__Listed records__.
++++++++++++++++++++
(* Let $\chi,m\geq 2$ be integers, $\varepsilon>0$, and $R=\vec{R}(\chi)$. Then there exists an integer $M_0=M_0(\chi,m,\varepsilon)$ such that the following holds for every $M\geq M_0$. Let $t\geq1$ be an integer and let the edges of $K^{(3)}_{tM}$ be coloured red/blue with no blue copy of $H(TT_\chi,m)$. Suppose $V(K^{(3)}_{tM})$ is partitioned into $t$ sets $V_1,\dots,V_t$, each inducing a red copy of $K^{(3)}_M$. Then there exists a red closed $2$-clique chain $Q$ on at least $\frac{t(M-30)}{R-1}$ vertices such that each flexible element of $Q$ has at least $M/2$ vertices and all but at most $\varepsilon v(Q)$ vertices of $Q$ are flexible vertices.
   Context: $TT_\chi$ denotes the transitive tournament on $[\chi]$; $\vec{R}(\ell)$ is the least $N$ such that every tournament on at least $N$ vertices contains a copy of $TT_\ell$. $H(T_\chi,m)$ is the 3-uniform hypergraph on disjoint sets $A_1,\dots,A_\chi$ of size $m$ with edges $\{xyz: x,y\in A_i,\ z\in A_j,\ (i,j)\text{ an arc of }T_\chi\}$. A closed $2$-clique chain (3-uniform) is a 3-graph $F$ with $V(F)=\{v_i:i\in\mathbb{Z}/p\mathbb{Z}\}$ and cyclic intervals $I_1,\dots,I_d$ covering $\mathbb{Z}/p\mathbb{Z}$ with $|I_j|\ge3$, each $\{v_i:i\in I_j\}$ inducing a clique in $F$, $|I_j\cap I_{j+1}|=2$ for $j\in[d-1]$ and $|I_d\cap I_1|=2$. The sets $S_j=\{v_i:i\in I_j\}$ are its elements; an element is flexible if $|S_j|>4$. A vertex $v_i$ is a spine vertex if $i\in I_j\cap I_{j+1}$ for some $j$ (cyclically), and a flexible vertex otherwise. A red chain is one all of whose edges are red. *)

From HB Require Import structures.
From mathcomp Require Import all_boot all_order all_algebra.
From mathcomp Require Import reals.
Set Implicit Arguments. Unset Strict Implicit. Unset Printing Implicit Defensive.
Import Order.TTheory GRing.Theory Num.Theory.

Definition tournament (N : nat) (T : rel 'I_N) : Prop :=
  (forall x, ~~ T x x) /\ (forall x y, x != y -> T x y != T y x).

Definition contains_TT (l N : nat) (T : rel 'I_N) : Prop :=
  exists g : 'I_l -> 'I_N, injective g /\ forall i j : 'I_l, i < j -> T (g i) (g j).

Definition TT_forced (l N : nat) : Prop :=
  forall N', N <= N' -> forall T : rel 'I_N', tournament T -> contains_TT l T.

Definition is_tourn_ramsey (l R : nat) : Prop :=
  TT_forced l R /\ forall N, TT_forced l N -> R <= N.

(* A red/blue colouring of the triples of 'I_n: col e = true means e is red.
   (Only the values on 3-element sets are relevant.) *)
Definition colouring (n : nat) := {set 'I_n} -> bool.

(* A blue copy of H(TT_chi, m): vertex set 'I_chi * 'I_m (A_i = {i} x 'I_m),
   edges {xyz : x,y in A_i distinct, z in A_j, i < j}. *)
Definition blue_H (chi m n : nat) (col : colouring n) : Prop :=
  exists f : 'I_chi * 'I_m -> 'I_n, injective f /\
    forall (i j : 'I_chi) (x y z : 'I_m), i < j -> x != y ->
      ~~ col [set f (i, x); f (i, y); f (j, z)].

Definition cyc_interval (p : nat) (I : {set 'I_p}) : Prop :=
  exists (s : 'I_p) (l : nat), I = [set x : 'I_p | (x + p - s) %% p < l].

(* A red closed 2-clique chain with vertices v_0, ..., v_{p-1} (v injective into
   'I_n) and cyclic intervals I 0, ..., I (d-1); the chain's edges are the triples
   inside the elements S_j = v @: I j, all of which must be red. *)
Definition red_closed_chain (n : nat) (col : colouring n) (p : nat)
    (v : 'I_p -> 'I_n) (d : nat) (I : nat -> {set 'I_p}) : Prop :=
  injective v /\ 0 < d /\
  (forall j, j < d -> cyc_interval (I j)) /\
  (forall j, j < d -> 3 <= #|I j|) /\
  (forall j, j < d -> #|I j :&: I (j.+1 %% d)| = 2) /\
  (forall x : 'I_p, exists2 j, j < d & x \in I j) /\
  (forall j, j < d -> forall a b c : 'I_p, a \in I j -> b \in I j -> c \in I j ->
        a != b -> a != c -> b != c -> col [set v a; v b; v c]).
++++++++++++++++++++
__Task statement__.
What belongs in the answer is the line with "(* A red closed" plus every later line of the listing, copied word for word and nothing besides.

__Response to the exercise__.
(* A red closed 2-clique chain with vertices v_0, ..., v_{p-1} (v injective into
   'I_n) and cyclic intervals I 0, ..., I (d-1); the chain's edges are the triples
   inside the elements S_j = v @: I j, all of which must be red. *)
Definition red_closed_chain (n : nat) (col : colouring n) (p : nat)
    (v : 'I_p -> 'I_n) (d : nat) (I : nat -> {set 'I_p}) : Prop :=
  injective v /\ 0 < d /\
  (forall j, j < d -> cyc_interval (I j)) /\
  (forall j, j < d -> 3 <= #|I j|) /\
  (forall j, j < d -> #|I j :&: I (j.+1 %% d)| = 2) /\
  (forall x : 'I_p, exists2 j, j < d & x \in I j) /\
  (forall j, j < d -> forall a b c : 'I_p, a \in I j -> b \in I j -> c \in I j ->
        a != b -> a != c -> b != c -> col [set v a; v b; v c]).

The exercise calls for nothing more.